- What to work on:
In the entries that follow, the lines from the one with "have [|x /andP[x0" through the one with "(1 - s) * gform" are the ones to write out, exactly and with both ends included. Nothing else should appear.

[Records excerpted from a collection]
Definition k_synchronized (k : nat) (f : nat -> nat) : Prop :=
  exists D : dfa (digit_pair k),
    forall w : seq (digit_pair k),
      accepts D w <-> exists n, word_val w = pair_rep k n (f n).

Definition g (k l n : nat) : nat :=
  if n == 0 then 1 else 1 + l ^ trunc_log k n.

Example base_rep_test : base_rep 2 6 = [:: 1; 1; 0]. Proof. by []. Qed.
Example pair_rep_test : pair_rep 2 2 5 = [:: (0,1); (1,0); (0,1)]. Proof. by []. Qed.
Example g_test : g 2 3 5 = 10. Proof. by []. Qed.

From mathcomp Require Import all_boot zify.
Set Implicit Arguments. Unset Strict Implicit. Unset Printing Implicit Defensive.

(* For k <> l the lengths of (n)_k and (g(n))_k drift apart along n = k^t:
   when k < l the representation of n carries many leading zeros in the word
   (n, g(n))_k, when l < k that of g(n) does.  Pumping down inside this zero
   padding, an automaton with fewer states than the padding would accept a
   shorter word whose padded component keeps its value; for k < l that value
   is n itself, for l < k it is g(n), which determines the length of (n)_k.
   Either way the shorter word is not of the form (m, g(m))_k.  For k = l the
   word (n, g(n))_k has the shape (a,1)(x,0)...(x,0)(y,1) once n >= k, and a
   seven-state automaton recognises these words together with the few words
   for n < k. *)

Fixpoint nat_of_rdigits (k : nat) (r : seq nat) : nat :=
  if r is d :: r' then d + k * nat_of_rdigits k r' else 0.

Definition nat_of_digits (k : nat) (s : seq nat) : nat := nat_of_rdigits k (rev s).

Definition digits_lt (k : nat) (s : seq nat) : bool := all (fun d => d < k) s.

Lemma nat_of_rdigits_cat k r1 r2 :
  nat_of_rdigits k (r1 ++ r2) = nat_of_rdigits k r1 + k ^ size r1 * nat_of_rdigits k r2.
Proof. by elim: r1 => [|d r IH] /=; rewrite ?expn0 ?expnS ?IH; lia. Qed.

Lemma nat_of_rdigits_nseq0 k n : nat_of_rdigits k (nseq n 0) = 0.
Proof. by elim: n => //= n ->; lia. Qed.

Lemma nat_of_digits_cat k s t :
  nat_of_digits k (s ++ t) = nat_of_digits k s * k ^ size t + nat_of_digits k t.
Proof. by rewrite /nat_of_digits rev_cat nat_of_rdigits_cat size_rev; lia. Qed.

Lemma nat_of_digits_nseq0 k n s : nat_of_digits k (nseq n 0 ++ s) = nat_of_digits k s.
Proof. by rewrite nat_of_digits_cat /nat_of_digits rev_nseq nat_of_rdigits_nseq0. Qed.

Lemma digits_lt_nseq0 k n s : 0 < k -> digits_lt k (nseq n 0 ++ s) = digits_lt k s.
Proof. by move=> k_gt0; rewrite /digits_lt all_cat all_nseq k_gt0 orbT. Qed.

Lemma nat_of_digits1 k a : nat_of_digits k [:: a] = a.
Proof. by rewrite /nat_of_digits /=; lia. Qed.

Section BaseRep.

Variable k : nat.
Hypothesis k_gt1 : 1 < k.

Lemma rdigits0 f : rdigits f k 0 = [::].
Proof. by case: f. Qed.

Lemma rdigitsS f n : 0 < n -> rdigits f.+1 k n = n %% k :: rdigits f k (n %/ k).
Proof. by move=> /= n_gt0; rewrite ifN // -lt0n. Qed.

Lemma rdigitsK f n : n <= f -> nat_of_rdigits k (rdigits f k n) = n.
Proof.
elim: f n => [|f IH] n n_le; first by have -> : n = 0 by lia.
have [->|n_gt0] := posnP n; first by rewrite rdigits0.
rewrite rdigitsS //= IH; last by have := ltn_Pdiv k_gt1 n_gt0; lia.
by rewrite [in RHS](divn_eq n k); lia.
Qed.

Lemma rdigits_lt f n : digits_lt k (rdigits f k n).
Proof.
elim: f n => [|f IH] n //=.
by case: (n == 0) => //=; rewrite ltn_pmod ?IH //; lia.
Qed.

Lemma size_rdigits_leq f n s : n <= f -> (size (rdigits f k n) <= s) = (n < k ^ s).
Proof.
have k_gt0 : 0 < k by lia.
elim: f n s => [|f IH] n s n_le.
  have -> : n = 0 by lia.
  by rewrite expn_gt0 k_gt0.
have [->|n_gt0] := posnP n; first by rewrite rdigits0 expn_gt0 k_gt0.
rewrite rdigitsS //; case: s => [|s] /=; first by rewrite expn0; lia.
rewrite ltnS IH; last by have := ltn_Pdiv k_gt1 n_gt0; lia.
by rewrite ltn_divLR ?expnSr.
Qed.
...
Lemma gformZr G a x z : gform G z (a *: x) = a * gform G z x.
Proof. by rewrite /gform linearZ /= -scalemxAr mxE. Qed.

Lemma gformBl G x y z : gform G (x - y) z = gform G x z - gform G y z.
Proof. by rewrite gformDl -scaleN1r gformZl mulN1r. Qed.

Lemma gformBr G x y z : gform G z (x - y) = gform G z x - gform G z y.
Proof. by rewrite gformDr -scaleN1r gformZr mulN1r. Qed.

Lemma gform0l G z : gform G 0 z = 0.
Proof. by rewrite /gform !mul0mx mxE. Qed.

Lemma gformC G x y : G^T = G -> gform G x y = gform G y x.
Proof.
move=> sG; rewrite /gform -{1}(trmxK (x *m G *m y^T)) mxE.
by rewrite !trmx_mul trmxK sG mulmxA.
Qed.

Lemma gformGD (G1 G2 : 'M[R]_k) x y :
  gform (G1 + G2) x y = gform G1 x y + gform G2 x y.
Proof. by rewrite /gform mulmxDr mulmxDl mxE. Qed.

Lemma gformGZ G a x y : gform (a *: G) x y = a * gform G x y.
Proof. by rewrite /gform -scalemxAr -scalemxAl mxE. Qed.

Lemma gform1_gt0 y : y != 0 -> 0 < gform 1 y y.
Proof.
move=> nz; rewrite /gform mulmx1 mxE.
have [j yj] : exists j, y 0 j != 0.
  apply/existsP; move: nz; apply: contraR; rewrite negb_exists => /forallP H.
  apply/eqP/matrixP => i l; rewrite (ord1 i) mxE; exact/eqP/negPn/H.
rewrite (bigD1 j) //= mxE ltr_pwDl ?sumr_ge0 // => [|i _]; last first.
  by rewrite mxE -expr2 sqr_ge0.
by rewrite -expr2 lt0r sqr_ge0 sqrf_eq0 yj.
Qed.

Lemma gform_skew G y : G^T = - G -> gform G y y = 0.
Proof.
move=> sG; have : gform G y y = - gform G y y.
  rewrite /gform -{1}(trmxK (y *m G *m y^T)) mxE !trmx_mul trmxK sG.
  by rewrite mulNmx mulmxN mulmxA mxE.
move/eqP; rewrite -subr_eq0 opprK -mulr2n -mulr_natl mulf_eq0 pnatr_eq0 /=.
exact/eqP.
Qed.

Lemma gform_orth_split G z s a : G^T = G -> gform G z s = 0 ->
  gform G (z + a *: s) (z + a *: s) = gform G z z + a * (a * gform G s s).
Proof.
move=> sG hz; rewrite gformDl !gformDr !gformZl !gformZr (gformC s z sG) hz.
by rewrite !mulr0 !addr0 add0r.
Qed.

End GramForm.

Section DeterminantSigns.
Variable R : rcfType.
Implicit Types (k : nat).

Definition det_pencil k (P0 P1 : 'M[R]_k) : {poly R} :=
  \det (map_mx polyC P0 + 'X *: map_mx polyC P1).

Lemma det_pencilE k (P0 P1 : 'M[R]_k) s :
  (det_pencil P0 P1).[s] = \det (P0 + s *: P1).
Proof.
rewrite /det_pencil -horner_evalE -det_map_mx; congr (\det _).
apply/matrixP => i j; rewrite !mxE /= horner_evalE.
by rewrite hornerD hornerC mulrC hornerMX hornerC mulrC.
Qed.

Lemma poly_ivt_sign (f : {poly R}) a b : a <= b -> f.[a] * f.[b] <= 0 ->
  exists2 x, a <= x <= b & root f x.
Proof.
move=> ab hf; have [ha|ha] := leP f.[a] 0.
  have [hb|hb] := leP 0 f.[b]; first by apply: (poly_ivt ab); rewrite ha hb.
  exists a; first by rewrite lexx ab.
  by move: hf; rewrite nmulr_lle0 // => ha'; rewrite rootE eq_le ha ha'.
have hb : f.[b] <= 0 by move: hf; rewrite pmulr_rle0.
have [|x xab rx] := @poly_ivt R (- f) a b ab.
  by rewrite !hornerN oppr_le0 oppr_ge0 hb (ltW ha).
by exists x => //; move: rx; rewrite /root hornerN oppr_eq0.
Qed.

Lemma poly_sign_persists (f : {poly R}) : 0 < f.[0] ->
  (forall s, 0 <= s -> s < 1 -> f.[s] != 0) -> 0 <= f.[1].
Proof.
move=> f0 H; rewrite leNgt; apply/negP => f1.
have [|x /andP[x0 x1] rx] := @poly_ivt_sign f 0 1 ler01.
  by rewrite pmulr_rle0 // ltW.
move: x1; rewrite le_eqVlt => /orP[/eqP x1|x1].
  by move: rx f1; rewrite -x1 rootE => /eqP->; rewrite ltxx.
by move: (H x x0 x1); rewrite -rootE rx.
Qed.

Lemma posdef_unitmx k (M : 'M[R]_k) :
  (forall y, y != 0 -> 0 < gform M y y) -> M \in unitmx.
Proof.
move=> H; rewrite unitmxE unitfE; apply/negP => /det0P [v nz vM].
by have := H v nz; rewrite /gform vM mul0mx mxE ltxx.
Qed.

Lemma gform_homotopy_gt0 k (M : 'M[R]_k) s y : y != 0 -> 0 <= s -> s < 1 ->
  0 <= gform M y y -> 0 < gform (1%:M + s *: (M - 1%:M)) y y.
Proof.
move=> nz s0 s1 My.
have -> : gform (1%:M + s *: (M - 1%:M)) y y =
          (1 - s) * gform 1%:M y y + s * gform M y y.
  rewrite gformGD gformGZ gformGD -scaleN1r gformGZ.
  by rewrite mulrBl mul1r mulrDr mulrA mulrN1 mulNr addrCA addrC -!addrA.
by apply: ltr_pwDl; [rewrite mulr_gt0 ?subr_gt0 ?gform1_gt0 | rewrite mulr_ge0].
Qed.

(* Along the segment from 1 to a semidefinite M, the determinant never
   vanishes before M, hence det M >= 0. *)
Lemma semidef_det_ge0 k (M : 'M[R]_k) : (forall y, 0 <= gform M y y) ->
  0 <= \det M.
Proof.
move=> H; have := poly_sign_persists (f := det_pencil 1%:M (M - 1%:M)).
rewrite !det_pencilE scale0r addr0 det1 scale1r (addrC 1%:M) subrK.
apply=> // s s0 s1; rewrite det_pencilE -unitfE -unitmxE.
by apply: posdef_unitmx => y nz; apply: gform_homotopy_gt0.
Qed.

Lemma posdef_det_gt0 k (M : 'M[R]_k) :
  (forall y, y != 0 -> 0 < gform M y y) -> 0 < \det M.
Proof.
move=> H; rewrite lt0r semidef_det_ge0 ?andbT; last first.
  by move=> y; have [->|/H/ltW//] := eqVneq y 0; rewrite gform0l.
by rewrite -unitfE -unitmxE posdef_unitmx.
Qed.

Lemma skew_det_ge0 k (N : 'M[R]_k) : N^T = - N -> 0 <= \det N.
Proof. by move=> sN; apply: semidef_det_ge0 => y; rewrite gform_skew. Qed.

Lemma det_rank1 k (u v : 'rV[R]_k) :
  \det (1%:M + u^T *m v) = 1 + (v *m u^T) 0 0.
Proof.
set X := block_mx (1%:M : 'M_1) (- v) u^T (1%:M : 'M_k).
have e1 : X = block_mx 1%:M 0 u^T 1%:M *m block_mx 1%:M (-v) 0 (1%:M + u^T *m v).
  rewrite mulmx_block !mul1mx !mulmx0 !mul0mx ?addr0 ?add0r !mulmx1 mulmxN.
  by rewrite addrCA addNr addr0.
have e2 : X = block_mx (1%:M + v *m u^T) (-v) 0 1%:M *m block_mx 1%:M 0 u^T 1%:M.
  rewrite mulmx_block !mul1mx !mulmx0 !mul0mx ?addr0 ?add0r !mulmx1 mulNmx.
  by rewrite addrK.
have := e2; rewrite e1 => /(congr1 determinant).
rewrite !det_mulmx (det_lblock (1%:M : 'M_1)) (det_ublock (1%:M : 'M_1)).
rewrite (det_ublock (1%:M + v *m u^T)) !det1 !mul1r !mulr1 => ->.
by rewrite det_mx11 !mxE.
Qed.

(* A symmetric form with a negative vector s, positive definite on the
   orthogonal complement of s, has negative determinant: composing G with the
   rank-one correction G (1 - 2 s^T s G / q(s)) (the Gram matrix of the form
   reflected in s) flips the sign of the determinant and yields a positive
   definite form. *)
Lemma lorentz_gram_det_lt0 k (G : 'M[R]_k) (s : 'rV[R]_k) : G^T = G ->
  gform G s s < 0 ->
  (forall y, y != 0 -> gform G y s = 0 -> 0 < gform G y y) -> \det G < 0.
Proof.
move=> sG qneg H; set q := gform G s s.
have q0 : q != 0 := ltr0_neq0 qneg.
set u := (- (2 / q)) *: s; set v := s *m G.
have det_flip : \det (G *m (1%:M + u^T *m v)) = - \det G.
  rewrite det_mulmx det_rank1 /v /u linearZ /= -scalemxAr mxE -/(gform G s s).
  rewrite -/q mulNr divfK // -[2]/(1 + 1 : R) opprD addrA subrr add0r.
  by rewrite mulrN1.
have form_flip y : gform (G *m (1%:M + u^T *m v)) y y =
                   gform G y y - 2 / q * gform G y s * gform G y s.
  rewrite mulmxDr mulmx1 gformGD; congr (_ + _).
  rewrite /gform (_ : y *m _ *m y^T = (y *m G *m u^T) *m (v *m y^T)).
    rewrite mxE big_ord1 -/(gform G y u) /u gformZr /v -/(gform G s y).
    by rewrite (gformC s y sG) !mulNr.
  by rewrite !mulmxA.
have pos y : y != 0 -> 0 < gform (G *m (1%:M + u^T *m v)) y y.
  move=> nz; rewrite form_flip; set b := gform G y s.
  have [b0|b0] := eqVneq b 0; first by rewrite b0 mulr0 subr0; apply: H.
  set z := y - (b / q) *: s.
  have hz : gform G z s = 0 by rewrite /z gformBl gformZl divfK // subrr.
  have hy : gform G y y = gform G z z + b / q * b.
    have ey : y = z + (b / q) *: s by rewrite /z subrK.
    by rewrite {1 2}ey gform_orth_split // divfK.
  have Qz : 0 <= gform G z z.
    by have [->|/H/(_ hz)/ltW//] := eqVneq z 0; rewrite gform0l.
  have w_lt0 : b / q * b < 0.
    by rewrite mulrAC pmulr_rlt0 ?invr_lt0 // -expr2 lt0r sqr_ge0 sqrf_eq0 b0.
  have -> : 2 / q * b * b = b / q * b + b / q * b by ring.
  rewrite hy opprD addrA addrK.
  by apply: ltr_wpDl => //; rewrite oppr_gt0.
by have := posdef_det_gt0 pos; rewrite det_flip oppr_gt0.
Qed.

- Result:
have [|x /andP[x0 x1] rx] := @poly_ivt_sign f 0 1 ler01.
  by rewrite pmulr_rle0 // ltW.
move: x1; rewrite le_eqVlt => /orP[/eqP x1|x1].
  by move: rx f1; rewrite -x1 rootE => /eqP->; rewrite ltxx.
by move: (H x x0 x1); rewrite -rootE rx.
Qed.

Lemma posdef_unitmx k (M : 'M[R]_k) :
  (forall y, y != 0 -> 0 < gform M y y) -> M \in unitmx.
Proof.
move=> H; rewrite unitmxE unitfE; apply/negP => /det0P [v nz vM].
by have := H v nz; rewrite /gform vM mul0mx mxE ltxx.
Qed.

Lemma gform_homotopy_gt0 k (M : 'M[R]_k) s y : y != 0 -> 0 <= s -> s < 1 ->
  0 <= gform M y y -> 0 < gform (1%:M + s *: (M - 1%:M)) y y.
Proof.
move=> nz s0 s1 My.
have -> : gform (1%:M + s *: (M - 1%:M)) y y =
          (1 - s) * gform 1%:M y y + s * gform M y y.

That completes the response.